Lemma avoids_0011_0021 x :
  all (avoids x) [:: [:: 0; 0; 1; 1]; [:: 0; 0; 2; 1]] = ~~ bad_0011_0021 x.
Proof.
rewrite /= andbT /avoids -negb_or; congr negb; apply/idP/idP.
  case/orP=> /contains_size4 [] // a [b [d [c [sub]]]];
    rewrite ?order_iso_0011 ?order_iso_0021 => /and3P [/eqP Eb ? ?]; subst b;
    apply/bad_0011_0021P; exists a, d, c; split=> //; lia.
case/bad_0011_0021P=> a [d [c [sub lt_ac le_cd]]].
have [lt_cd|Ed] : c < d \/ d = c by lia.
  by apply/orP; right; apply/containsP; exists [:: a; a; d; c]; rewrite ?order_iso_0021 ?eqxx ?lt_ac ?lt_cd.
by subst d; apply/orP; left; apply/containsP; exists [:: a; a; c; c]; rewrite ?order_iso_0011 ?eqxx ?lt_ac.
Qed.

Lemma mem_all_seqs n b x : (x \in all_seqs n b) = (size x == n) && all (fun a => a < b) x.
Proof.
elim: n x => [|n IH] x; first by case: x.
apply/allpairsP/idP => [[[a s] [/= Ha Hs ->]]|].
  by move: Ha Hs; rewrite mem_iota IH /= eqSS => -> /andP [-> ->].
case: x => [|a s] // /andP [Hs /andP [Ha Hall]].
exists (a, s); split=> //; first by rewrite mem_iota Ha.
by rewrite IH; apply/andP; split.
Qed.

Lemma uniq_all_seqs n b : uniq (all_seqs n b).
Proof.
elim: n => [|n IH] //=; apply: allpairs_uniq => //; first exact: iota_uniq.
by move=> [a s] [a' s'] _ _ /= [-> ->].
Qed.

Lemma ascent_seq_mem_all_seqs x : is_ascent_seq x -> x \in all_seqs (size x) (size x).
Proof. by move=> asc_x; rewrite mem_all_seqs eqxx ascent_seq_lt_size. Qed.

**Task item**
Would you print exactly and only the lines of the material above that run from the line with "by apply/orP; right;" through the line with "by move: Ha", both included?

**Reply to the task**
  by apply/orP; right; apply/containsP; exists [:: a; a; d; c]; rewrite ?order_iso_0021 ?eqxx ?lt_ac ?lt_cd.
by subst d; apply/orP; left; apply/containsP; exists [:: a; a; c; c]; rewrite ?order_iso_0011 ?eqxx ?lt_ac.
Qed.

Lemma mem_all_seqs n b x : (x \in all_seqs n b) = (size x == n) && all (fun a => a < b) x.
Proof.
elim: n x => [|n IH] x; first by case: x.
apply/allpairsP/idP => [[[a s] [/= Ha Hs ->]]|].
  by move: Ha Hs; rewrite mem_iota IH /= eqSS => -> /andP [-> ->].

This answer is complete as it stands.